Export times on iMac and Mac mini with diffuse&sharpen

My iMac 27" i9 from 2019 is showing signs of age and acting a bit strangely lately so I have to think about a replacement for when it packs up (hoping it still lasts the longest possible…)
I tested two photos from a GFX100s and X100VI (102mp and 40mp respectively) going quite hard on the diffuse and sharpen module to test export speeds in uncompressed tif.

The GFX file exports in 202 seconds and the X100VI exports in 59s on the iMac (40Go ram)
The GFX file exports in 923s and the X100VI exports in 185 seconds on the Mac mini 2023 M2 basic model with 8Go Ram.
I am a bit surprised at the difference in export times, the difference in Ram must be the key factor.
I am interested in what export times you have on your computer to give me a clue on where to go next. I am not opposed to moving to Linux but a bit more reticent for windows.

Darktable was launched on the terminal with :
/Applications/darktable.app/Contents/MacOS/darktable -d opencl -d perf

I am including the raw files with xmp and the two log files from the terminal.

2024-06-19-11h15min55s (27) GFX100S.RAF (77.8 MB)
2024-06-19-11h15min55s (27) GFX100S.RAF.xmp (13.7 KB)

2024-06-19-09h51min16s (06) X100VI.RAF (40.9 MB)
2024-06-19-09h51min16s (06) X100VI.RAF.xmp (14.0 KB)

These files are licensed Creative Commons, By-Attribution, Share-Alike.

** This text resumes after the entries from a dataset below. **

(* Let $(W,\omega^W)$ be a vertex operator algebra and $\omega'\in\operatorname{Sc}(W,\omega^W)$ with $Y(\omega',z)=\sum_nL'(n)z^{-n-2}$. Then $L^W(n)=L'(n)$ on $C_W(C_W(\langle\omega'\rangle))$ for all $n\ge -1$.
   Context: $Y(\omega^W,z)=\sum_nL^W(n)z^{-n-2}$. A semi-conformal vector $\omega'$ of $(W,\omega^W)$ is the conformal vector of a vertex operator subalgebra $(U,\omega')$ (possibly different conformal vector) with $\omega^W_n|_U=\omega'_n|_U$ for all $n\ge0$; $\operatorname{Sc}(W,\omega^W)$ is the set of these. $C_W(U)=\{v\in W:u_nv=0\ \forall u\in U,n\ge0\}$; $\langle\omega'\rangle$ is the vertex subalgebra generated by $\omega'$ and $\mathbf1$. *)

(* Vertex operator algebras over a field K of characteristic 0
   (the paper works over C). *)
From HB Require Import structures.
From mathcomp Require Import all_boot all_order all_algebra.
Set Implicit Arguments. Unset Strict Implicit. Unset Printing Implicit Defensive.
Import Order.TTheory GRing.Theory Num.Theory.
Local Open Scope ring_scope.

Section VOA.
Variables (K : fieldType) (V : lmodType K).

(* A vertex operator is given by its modes: [Y u n v] is u_n v,
   i.e. Y(u,z) = sum_n u_n z^{-n-1}. *)
Definition vop := V -> int -> V -> V.

Definition binz (p : int) (i : nat) : K :=
  (\prod_(j < i) (p - (j : nat)%:Z)%:~R) / (i`!)%:R.

Definition vertex_algebra (Y : vop) (one : V) : Prop :=
  [/\ ((forall n a u u' v, Y (a *: u + u') n v = a *: Y u n v + Y u' n v) /\
      (forall n a u v v', Y u n (a *: v + v') = a *: Y u n v + Y u n v')),
      (forall u v, exists N : int, forall n, N <= n -> Y u n v = 0),
      (forall n v, Y one n v = if n == -1 then v else 0),
      (forall u, Y u (-1) one = u /\ forall n, 0 <= n -> Y u n one = 0) &
      (* Borcherds identity; both sides are finite sums by truncation, so
         equality of the sums is equality of all sufficiently long partial sums *)
      (forall (p q r : int) u v w, exists N : nat, forall M : nat, (N <= M)%N ->
        \sum_(i < M) binz p i *: Y (Y u (r + i%:Z) v) (p + q - i%:Z) w =
        \sum_(i < M) ((-1) ^+ i * binz r i) *:
            (Y u (p + r - i%:Z) (Y v (q + i%:Z) w)
             - (-1) ^ r *: Y v (q + r - i%:Z) (Y u (p + i%:Z) w)))].

Definition Lop (Y : vop) (om : V) (n : int) : V -> V := Y om (n + 1).

Definition wt_space (Y : vop) (U : V -> Prop) (om : V) (n : int) : V -> Prop :=
  fun u => U u /\ Lop Y om 0 u = n%:~R *: u.

Definition conformal_on (Y : vop) (U : V -> Prop) (om : V) : Prop :=
  [/\ exists c : K, forall (m n : int) v, U v ->
        Lop Y om m (Lop Y om n v) - Lop Y om n (Lop Y om m v) =
        (m - n)%:~R *: Lop Y om (m + n) v
        + (((m ^+ 3 - m)%:~R / 12%:R) * (m + n == 0)%:R * c) *: v,
      (forall u v n, U u -> U v -> Y (Lop Y om (-1) u) n v = - (n%:~R *: Y u (n - 1) v)),
      (forall u, U u -> exists s : seq (int * V),
          (forall x, x \in s -> wt_space Y U om x.1 x.2) /\ u = \sum_(x <- s) x.2),
      (forall n, exists b : seq V, forall u, wt_space Y U om n u ->
          exists f : nat -> K, u = \sum_(i < size b) f i *: b`_i) &
      (exists N : int, forall n u, n < N -> wt_space Y U om n u -> u = 0)].

Definition is_VOA (Y : vop) (one om : V) : Prop :=
  vertex_algebra Y one /\ conformal_on Y (fun _ => True) om.

Definition vsubalg (Y : vop) (one : V) (U : V -> Prop) : Prop :=
  [/\ U 0, (forall a u v, U u -> U v -> U (a *: u + v)), U one &
      (forall u n v, U u -> U v -> U (Y u n v))].

Definition semi_conformal (Y : vop) (one om om' : V) : Prop :=
  exists U : V -> Prop, [/\ vsubalg Y one U, U om', conformal_on Y U om' &
     forall n u, 0 <= n -> U u -> Y om n u = Y om' n u].

Definition commutant (Y : vop) (U : V -> Prop) : V -> Prop :=
  fun v => forall u n, U u -> 0 <= n -> Y u n v = 0.

Definition gen_subalg (Y : vop) (one : V) (S : V -> Prop) : V -> Prop :=
  fun v => forall P, vsubalg Y one P -> (forall s, S s -> P s) -> P v.

End VOA.

(* Put x := omW - om'.  Skew symmetry turns the hypothesis omW_j = om'_j on the
   subalgebra of om' (j >= 0) into om'_k omW = om'_k om' for k >= 0, i.e. every
   nonnegative mode of om' kills x.  The elements whose nonnegative modes kill a
   fixed vector form a vertex subalgebra (Borcherds identity with p = 0), so
   <om'> kills x and x lies in C_W(<om'>).  Hence x_{n+1} v = 0 for every v in
   C_W(C_W(<om'>)) and n >= -1, which is L^W(n) v = L'(n) v.  Neither the
   characteristic nor the conformal structure of om' plays any role. *)
From HB Require Import structures.
From mathcomp Require Import all_boot all_order all_algebra.
From mathcomp Require Import zify.
Set Implicit Arguments. Unset Strict Implicit. Unset Printing Implicit Defensive.
Import Order.TTheory GRing.Theory Num.Theory.
Local Open Scope ring_scope.

Lemma binz0 (K : fieldType) (p : int) : binz K p 0 = 1.
Proof. by rewrite /binz big_ord0 fact0 divr1. Qed.

Lemma binz0S (K : fieldType) (i : nat) : binz K 0 i.+1 = 0.
Proof. by rewrite /binz big_ord_recl /= subrr !mul0r. Qed.

Section VertexAlgebra.
Variables (K : fieldType) (W : lmodType K) (Y : vop W) (one : W).
Hypothesis HVA : vertex_algebra Y one.

Lemma YlinL n a u u' v : Y (a *: u + u') n v = a *: Y u n v + Y u' n v.
Proof. by case: HVA => [[linL _]] *; apply: linL. Qed.

Lemma YlinR n a u v v' : Y u n (a *: v + v') = a *: Y u n v + Y u n v'.
Proof. by case: HVA => [[_ linR]] *; apply: linR. Qed.

Lemma YsubL n u u' v : Y (u - u') n v = Y u n v - Y u' n v.
Proof. by rewrite addrC -scaleN1r YlinL scaleN1r addrC. Qed.

Lemma YsubR n u v v' : Y u n (v - v') = Y u n v - Y u n v'.
Proof. by rewrite addrC -scaleN1r YlinR scaleN1r addrC. Qed.

Lemma Y0l n v : Y 0 n v = 0.
Proof. by have := YsubL n 0 0 v; rewrite !subrr. Qed.

Lemma Y0r n u : Y u n 0 = 0.
Proof. by have := YsubR n u 0 0; rewrite !subrr. Qed.

Definition annihilator (x : W) : W -> Prop :=
  fun u => forall n, 0 <= n -> Y u n x = 0.

Lemma vsubalg_annihilator x : vsubalg Y one (annihilator x).
Proof.
split=> [n _|a u v Hu Hv n Hn|n Hn|u m w Hu Hw n Hn].
- exact: Y0l.
- by rewrite YlinL Hu // Hv // scaler0 addr0.
- by case: HVA => _ _ vacuum _ _; rewrite vacuum; case: eqP => // E; rewrite E in Hn.
- (* Borcherds identity with p = 0, q = n, r = m: only the i = 0 term survives
     on the left, and every term on the right ends in a nonnegative mode on x. *)
  case: HVA => _ _ _ _ borcherds.
  have [N HN] := borcherds 0 n m u w x.
  move: (HN N.+1 (leqnSn N)); rewrite big_ord_recl big1 => [|i _]; last first.
    by rewrite binz0S scale0r.
  rewrite big1 => [|i _]; last first.
    by rewrite Hw; last lia; rewrite Hu; last lia; rewrite !Y0r scaler0 subr0 scaler0.
  by rewrite addr0 binz0 scale1r /= addr0 add0r subr0.
Qed.

Lemma commutant_gen_subalg (S : W -> Prop) x :
  (forall s, S s -> annihilator x s) -> commutant Y (gen_subalg Y one S) x.
Proof. by move=> HS u n Hu; apply: (Hu _ (vsubalg_annihilator x)). Qed.

(* Skew symmetry u_{r-1} v = (-1)^r v_{r-1} u + (sum of vacuum descendants),
   read off from the Borcherds identity with p = q = -1 and w = 1. *)
Lemma skew_symmetry u v r : exists N, forall M, (N <= M)%N ->
  \sum_(i < M) binz K (-1) i *: Y (Y u (r + i%:Z) v) (-1 + -1 - i%:Z) one =
  Y u (r - 1) v - (-1) ^ r *: Y v (r - 1) u.
Proof.
case: HVA => _ _ _ creation borcherds.
have [N HN] := borcherds (-1) (-1) r u v one.
exists N.+1 => -[|M] HM //; rewrite HN; last lia.
rewrite big_ord_recl big1 => [|i _]; last first.
  rewrite (proj2 (creation v)); last by rewrite lift0; lia.
  by rewrite (proj2 (creation u)); [rewrite !Y0r scaler0 subr0 scaler0 | rewrite lift0; lia].
have ord0_int : (@nat_of_ord M.+1 ord0)%:Z = 0 by [].
rewrite addr0 expr0 mul1r binz0 scale1r ord0_int addr0 subr0 [-1 + r]addrC.
by rewrite (proj1 (creation v)) (proj1 (creation u)).
Qed.

Lemma mode_swap_eq u w :
  (forall j, 0 <= j -> Y u j w = Y w j w) ->
  forall k, 0 <= k -> Y w k u = Y w k w.
Proof.
move=> Huw k Hk.
have [N1 skew_uw] := skew_symmetry u w (k + 1).
have [N2 skew_ww] := skew_symmetry w w (k + 1).
have sums_eq :
    \sum_(i < maxn N1 N2) binz K (-1) i *: Y (Y u (k + 1 + i%:Z) w) (-1 + -1 - i%:Z) one =
    \sum_(i < maxn N1 N2) binz K (-1) i *: Y (Y w (k + 1 + i%:Z) w) (-1 + -1 - i%:Z) one.
  by apply: eq_bigr => i _; rewrite Huw //; lia.
rewrite skew_uw ?leq_maxl // skew_ww ?leq_maxr // addrK Huw // in sums_eq.
have sign_neq0 : (-1 : K) ^ (k + 1) != 0 by rewrite expfz_neq0 // oppr_eq0 oner_eq0.
by move/addrI/oppr_inj/(scalerI sign_neq0): sums_eq.
Qed.

End VertexAlgebra.

Theorem proposition2p6 (K : fieldType) (charK0 : [pchar K] =i pred0)
  (W : lmodType K) (Y : vop W) (one omW om' : W) :
  is_VOA Y one omW -> semi_conformal Y one omW om' ->
  forall v, commutant Y (commutant Y (gen_subalg Y one (fun x => x = om'))) v ->
  forall n : int, -1 <= n -> Lop Y omW n v = Lop Y om' n v.
Proof.
move=> [HVA _] [U [_ Uom' _ agree]] v Hv n Hn.
have om'_kills : annihilator Y (omW - om') om'.
  move=> k Hk; rewrite (YsubR HVA) (mode_swap_eq HVA) ?subrr // => j Hj.
  exact: agree.
have diff_in_commutant :
    commutant Y (gen_subalg Y one (fun x => x = om')) (omW - om').
  by apply: (commutant_gen_subalg HVA) => s ->.
apply/eqP; rewrite -subr_eq0 /Lop -(YsubL HVA) (Hv _ _ diff_in_commutant) //.
lia.
Qed.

mac mini Terminal Saved Output.txt (16.3 KB)
imac Terminal Saved Output.txt (23.8 KB)

Well, the Mac Mini is less capable when it comes to OpenCL, at least as far as memory is concerned:

   DEVICE_TYPE:              GPU, unified mem
   GLOBAL MEM SIZE:          5461 MB

vs

   DEVICE_TYPE:              CPU, unified mem
   GLOBAL MEM SIZE:          40960 MB
   
   DEVICE_TYPE:              GPU, dedicated mem
   GLOBAL MEM SIZE:          8192 MB

If you also include -d tiling, you may get more details. For example, on my system (using an Nvidia 1060 with 6 GB):

    56.7530 process tiled             CL0 [export]         diffuse                (   0/   0) 7728x5152 scale=1.0000 --> (   0/   0) 7728x5152 scale=1.0000  34 IOP_CS_RGB
    56.7530 [default_process_tiling_cl_ptp] [export] **** tiling module 'diffuse' for image with size 7728x5152 --> 7728x5152
    56.7530 [default_process_tiling_cl_ptp] [export] buffer exceeds singlebuffer, corrected to 3764x5152
    56.7530 [default_process_tiling_cl_ptp] [export] (5x1) tiles with max dimensions 3764x5152, pinned=OFF, good 1716x3104 and overlap 1024
    56.7530 [default_process_tiling_cl_ptp] [export] tile (0,0) size 3764x5152 at origin [0,0]
...
    64.4636 [default_process_tiling_cl_ptp] [export] tile (3,0) size 2580x5152 at origin [5148,0]
    66.2384 process tiled             CL0 [export]         diffuse.1              (   0/   0) 7728x5152 scale=1.0000 --> (   0/   0) 7728x5152 scale=1.0000  35 IOP_CS_RGB
    66.2384 [default_process_tiling_cl_ptp] [export] **** tiling module 'diffuse.1' for image with size 7728x5152 --> 7728x5152
    66.2384 [default_process_tiling_cl_ptp] [export] buffer exceeds singlebuffer, corrected to 4993x5152
    66.2384 [default_process_tiling_cl_ptp] [export] (2x1) tiles with max dimensions 4993x5152, pinned=OFF, good 4865x5024 and overlap 64
    66.2384 [default_process_tiling_cl_ptp] [export] tile (0,0) size 4993x5152 at origin [0,0]
    77.9512 [default_process_tiling_cl_ptp] [export] tile (1,0) size 2863x5152 at origin [4865,0]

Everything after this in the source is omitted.